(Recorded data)
▼

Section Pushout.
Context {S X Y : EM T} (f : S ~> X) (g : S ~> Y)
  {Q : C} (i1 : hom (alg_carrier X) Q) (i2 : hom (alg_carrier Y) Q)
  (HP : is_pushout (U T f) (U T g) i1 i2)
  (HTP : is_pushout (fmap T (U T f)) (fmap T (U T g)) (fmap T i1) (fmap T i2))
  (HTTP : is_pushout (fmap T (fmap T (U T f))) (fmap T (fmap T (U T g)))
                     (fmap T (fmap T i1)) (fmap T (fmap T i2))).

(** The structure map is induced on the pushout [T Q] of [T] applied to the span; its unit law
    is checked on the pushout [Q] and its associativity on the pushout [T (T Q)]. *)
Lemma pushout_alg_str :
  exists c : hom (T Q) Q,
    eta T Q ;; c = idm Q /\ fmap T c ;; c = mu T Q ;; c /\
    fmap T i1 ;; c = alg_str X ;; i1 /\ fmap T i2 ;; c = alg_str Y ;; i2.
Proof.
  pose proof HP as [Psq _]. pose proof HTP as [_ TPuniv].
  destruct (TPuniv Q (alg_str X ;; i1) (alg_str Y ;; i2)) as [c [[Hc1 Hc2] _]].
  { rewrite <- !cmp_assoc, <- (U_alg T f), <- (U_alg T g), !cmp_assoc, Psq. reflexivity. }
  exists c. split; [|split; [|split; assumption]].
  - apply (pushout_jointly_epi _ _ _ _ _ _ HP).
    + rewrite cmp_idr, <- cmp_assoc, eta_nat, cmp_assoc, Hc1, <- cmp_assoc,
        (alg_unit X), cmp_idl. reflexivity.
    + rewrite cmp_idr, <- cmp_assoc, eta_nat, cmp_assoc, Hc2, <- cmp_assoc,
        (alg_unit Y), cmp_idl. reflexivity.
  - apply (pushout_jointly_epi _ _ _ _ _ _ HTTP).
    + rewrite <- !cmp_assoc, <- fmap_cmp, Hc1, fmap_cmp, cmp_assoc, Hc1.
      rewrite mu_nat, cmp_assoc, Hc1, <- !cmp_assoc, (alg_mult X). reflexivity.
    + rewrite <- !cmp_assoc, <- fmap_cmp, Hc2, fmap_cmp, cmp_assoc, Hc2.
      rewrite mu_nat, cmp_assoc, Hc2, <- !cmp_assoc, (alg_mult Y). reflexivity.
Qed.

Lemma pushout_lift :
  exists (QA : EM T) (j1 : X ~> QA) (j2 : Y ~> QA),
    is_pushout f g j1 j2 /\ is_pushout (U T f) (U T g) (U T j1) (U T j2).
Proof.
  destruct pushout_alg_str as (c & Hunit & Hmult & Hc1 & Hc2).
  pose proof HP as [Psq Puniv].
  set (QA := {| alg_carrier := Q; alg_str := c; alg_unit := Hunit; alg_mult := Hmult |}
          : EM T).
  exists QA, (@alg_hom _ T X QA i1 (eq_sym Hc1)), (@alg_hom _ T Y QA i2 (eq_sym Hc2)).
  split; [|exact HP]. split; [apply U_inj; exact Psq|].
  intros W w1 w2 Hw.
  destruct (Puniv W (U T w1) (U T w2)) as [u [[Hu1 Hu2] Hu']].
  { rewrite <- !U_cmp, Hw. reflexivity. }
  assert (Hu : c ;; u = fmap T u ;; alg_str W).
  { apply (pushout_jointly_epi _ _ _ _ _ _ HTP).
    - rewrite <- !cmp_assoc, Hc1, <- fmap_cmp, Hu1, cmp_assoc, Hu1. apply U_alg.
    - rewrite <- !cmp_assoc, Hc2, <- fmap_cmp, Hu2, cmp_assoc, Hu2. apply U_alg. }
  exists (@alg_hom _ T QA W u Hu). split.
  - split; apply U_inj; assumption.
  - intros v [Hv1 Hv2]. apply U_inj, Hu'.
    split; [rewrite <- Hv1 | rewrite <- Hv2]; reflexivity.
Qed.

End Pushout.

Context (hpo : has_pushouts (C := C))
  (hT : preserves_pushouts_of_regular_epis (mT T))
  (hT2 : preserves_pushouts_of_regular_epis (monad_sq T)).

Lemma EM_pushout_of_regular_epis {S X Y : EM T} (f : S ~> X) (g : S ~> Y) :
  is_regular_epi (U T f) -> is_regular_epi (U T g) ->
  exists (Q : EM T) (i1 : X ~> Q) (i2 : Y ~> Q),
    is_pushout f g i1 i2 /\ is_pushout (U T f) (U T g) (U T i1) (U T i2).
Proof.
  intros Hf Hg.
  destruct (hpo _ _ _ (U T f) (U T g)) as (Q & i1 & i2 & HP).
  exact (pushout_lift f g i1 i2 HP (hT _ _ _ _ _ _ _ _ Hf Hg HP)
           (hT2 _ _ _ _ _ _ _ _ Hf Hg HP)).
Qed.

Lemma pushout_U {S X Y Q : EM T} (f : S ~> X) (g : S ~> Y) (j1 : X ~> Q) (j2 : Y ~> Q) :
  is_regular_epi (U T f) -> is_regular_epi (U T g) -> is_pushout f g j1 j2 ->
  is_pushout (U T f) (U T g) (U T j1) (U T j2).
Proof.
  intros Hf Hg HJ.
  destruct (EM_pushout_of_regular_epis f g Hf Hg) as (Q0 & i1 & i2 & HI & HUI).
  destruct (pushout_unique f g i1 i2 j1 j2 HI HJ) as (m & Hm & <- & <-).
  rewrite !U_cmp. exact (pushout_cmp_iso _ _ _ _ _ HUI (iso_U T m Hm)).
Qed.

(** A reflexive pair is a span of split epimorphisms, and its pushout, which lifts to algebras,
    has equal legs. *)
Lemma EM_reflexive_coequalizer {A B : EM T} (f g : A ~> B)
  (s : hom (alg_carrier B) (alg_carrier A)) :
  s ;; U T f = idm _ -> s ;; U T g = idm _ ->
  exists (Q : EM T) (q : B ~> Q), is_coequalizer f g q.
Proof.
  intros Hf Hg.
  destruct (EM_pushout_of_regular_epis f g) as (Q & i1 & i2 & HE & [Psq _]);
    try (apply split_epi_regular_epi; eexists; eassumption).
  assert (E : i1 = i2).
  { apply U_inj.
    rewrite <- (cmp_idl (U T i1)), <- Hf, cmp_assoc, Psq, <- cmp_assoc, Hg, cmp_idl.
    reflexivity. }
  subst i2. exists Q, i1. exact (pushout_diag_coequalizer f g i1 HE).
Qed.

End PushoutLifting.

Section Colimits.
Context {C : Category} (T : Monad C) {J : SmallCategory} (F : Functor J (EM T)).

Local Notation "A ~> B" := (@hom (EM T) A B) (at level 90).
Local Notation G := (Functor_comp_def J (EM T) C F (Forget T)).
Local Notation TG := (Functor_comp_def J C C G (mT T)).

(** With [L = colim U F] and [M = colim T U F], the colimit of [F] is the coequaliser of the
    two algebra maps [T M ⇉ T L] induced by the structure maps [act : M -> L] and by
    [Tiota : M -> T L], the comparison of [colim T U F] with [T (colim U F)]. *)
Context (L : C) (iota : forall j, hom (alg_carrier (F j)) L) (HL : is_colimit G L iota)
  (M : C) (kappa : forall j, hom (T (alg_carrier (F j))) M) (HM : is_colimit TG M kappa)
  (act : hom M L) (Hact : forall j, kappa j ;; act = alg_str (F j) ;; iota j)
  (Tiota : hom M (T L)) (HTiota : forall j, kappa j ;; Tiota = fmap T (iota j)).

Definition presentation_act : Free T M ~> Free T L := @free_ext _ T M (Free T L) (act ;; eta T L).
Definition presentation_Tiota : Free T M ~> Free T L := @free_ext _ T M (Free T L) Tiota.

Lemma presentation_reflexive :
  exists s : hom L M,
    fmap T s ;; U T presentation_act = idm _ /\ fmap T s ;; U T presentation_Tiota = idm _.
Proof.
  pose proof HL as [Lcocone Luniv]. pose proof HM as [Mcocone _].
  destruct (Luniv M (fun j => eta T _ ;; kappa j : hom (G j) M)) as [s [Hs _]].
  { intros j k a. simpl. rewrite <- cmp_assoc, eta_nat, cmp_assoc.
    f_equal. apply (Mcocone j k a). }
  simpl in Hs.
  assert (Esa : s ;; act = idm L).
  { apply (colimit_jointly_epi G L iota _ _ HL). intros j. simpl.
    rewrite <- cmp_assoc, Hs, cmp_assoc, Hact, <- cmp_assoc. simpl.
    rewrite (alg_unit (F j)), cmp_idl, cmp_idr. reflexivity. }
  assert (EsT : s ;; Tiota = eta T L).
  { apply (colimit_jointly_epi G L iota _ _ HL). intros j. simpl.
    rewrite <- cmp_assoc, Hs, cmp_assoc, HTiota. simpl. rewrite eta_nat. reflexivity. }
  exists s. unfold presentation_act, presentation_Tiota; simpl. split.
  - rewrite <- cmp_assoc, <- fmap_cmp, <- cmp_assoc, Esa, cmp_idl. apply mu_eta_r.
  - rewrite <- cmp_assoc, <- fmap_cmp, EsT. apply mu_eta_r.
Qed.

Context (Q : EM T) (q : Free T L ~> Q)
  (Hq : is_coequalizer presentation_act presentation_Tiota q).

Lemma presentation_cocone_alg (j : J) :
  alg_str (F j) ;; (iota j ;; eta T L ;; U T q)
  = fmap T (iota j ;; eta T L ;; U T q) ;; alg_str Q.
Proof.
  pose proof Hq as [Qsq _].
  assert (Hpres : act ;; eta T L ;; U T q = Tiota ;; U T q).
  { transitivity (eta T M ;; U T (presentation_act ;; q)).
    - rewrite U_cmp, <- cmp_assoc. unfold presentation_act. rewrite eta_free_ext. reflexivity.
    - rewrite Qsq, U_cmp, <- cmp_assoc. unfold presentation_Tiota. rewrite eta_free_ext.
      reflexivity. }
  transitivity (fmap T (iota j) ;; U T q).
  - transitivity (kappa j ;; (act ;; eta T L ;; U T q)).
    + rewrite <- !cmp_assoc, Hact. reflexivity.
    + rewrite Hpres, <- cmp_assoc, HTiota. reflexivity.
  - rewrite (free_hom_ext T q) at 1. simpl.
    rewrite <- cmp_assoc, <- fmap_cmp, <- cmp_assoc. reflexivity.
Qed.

▲
▼

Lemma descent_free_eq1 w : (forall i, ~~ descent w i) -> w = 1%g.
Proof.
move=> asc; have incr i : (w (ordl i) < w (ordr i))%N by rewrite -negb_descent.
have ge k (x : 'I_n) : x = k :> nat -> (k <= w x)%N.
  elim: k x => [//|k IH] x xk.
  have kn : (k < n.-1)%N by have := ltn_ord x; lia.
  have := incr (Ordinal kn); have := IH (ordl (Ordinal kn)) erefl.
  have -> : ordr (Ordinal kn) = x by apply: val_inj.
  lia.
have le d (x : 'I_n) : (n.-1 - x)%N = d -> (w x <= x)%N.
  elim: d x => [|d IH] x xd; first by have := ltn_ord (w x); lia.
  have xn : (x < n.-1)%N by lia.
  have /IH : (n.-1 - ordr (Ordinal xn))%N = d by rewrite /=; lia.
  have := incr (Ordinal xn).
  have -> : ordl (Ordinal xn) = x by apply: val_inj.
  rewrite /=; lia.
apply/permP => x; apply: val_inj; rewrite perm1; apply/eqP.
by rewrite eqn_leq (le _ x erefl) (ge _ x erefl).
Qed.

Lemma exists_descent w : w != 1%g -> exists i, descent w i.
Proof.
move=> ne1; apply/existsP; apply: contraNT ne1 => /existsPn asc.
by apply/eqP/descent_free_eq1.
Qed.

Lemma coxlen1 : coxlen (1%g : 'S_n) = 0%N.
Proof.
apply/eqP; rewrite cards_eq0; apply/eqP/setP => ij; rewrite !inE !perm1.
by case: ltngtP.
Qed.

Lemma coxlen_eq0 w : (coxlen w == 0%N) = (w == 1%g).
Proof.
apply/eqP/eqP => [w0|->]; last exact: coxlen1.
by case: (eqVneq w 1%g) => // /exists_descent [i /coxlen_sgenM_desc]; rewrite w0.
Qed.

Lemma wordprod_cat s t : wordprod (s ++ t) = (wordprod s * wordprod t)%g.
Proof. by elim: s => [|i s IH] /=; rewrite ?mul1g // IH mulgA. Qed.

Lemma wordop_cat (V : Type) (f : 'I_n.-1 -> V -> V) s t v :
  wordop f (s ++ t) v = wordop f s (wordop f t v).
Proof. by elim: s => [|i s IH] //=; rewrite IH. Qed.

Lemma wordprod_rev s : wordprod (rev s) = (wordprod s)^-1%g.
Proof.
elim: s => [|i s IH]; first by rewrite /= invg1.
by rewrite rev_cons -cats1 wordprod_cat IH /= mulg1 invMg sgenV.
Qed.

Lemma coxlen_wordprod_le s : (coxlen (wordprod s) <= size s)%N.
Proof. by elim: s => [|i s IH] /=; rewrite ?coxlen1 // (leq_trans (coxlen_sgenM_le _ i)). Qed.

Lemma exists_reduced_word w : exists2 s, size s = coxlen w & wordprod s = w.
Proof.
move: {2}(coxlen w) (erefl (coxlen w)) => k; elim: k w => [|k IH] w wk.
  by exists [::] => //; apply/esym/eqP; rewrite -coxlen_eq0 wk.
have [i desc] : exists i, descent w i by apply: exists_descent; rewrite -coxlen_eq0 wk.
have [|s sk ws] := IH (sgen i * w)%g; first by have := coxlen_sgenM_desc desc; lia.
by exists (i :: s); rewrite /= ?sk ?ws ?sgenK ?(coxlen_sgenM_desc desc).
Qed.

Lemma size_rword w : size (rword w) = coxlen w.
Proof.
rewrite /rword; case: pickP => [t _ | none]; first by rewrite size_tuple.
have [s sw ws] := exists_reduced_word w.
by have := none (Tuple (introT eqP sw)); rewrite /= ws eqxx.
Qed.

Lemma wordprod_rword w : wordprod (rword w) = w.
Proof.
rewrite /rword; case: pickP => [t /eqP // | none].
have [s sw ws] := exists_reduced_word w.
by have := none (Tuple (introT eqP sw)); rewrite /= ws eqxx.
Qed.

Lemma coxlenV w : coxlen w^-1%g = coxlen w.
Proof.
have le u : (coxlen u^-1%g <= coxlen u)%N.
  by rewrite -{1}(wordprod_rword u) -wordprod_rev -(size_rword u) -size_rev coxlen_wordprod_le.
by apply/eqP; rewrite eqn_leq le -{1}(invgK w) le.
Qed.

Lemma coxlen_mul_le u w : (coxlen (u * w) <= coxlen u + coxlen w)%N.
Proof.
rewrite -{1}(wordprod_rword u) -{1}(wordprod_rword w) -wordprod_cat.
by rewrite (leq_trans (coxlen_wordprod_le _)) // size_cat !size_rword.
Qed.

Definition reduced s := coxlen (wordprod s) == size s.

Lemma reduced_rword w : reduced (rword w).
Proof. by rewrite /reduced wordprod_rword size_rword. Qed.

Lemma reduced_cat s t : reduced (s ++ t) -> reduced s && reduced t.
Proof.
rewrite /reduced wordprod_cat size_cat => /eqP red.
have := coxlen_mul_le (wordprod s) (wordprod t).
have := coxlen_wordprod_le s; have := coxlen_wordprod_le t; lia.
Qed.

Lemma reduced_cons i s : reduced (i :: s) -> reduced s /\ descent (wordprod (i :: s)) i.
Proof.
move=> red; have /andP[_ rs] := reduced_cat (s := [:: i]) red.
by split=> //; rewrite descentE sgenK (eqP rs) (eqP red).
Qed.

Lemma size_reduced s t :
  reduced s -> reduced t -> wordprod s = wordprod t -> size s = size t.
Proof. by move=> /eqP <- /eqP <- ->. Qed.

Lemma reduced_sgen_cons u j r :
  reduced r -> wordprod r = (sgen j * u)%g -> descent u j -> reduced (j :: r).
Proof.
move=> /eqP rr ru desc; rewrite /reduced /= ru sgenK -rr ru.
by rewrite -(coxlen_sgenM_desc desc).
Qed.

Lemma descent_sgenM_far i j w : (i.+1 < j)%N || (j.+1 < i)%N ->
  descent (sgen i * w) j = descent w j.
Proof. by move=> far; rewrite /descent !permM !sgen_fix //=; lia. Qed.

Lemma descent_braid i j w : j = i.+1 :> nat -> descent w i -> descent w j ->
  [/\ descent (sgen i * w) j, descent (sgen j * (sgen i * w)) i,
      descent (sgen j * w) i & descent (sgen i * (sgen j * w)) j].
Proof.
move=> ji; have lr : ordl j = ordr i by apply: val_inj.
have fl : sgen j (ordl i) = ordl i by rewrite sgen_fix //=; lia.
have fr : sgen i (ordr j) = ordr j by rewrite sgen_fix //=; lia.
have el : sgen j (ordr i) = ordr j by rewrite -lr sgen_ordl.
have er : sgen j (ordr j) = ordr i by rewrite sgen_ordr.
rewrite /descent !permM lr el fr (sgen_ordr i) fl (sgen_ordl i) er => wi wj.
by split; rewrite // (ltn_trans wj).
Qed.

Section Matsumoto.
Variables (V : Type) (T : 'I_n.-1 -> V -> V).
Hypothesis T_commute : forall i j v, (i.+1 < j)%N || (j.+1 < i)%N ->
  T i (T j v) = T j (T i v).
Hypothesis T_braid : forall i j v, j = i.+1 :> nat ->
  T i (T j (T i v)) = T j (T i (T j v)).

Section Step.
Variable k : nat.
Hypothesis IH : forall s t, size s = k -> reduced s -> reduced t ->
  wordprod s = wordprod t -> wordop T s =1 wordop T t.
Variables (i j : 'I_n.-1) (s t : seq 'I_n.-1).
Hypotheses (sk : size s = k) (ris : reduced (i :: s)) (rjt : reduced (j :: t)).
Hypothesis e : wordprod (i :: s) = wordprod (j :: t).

▲
▼

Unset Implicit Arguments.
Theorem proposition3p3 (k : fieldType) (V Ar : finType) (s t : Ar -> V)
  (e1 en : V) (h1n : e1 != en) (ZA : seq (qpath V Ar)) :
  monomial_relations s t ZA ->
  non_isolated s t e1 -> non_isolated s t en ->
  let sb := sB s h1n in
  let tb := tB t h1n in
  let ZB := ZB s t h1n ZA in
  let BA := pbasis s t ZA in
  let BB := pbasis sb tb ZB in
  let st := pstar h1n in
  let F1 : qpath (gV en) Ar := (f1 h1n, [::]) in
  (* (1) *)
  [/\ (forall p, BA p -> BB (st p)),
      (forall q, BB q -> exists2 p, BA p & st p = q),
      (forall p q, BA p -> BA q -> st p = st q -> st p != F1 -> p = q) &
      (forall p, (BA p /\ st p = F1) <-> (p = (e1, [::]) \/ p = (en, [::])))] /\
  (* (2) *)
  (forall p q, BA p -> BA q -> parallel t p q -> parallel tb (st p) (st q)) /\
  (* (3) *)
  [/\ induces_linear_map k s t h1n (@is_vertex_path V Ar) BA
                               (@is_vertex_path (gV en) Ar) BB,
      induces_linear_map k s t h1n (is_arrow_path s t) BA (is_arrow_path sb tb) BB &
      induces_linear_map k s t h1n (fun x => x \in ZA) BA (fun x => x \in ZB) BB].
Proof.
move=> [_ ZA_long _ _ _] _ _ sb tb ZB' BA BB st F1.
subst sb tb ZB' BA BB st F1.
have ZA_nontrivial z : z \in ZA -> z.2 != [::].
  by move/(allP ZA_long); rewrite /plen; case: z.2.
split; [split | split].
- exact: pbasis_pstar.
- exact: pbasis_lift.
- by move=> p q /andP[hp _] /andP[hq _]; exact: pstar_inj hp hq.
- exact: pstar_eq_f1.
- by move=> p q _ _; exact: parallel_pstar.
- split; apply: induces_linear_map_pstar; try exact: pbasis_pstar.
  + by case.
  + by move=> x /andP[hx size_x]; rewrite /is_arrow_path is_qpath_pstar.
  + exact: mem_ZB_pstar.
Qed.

▲

Filter the lines above so that only those with the string "incr" remain, then copy them.

move=> asc; have incr i : (w (ordl i) < w (ordr i))%N by rewrite -negb_descent.
  have := incr (Ordinal kn); have := IH (ordl (Ordinal kn)) erefl.
  have := incr (Ordinal xn).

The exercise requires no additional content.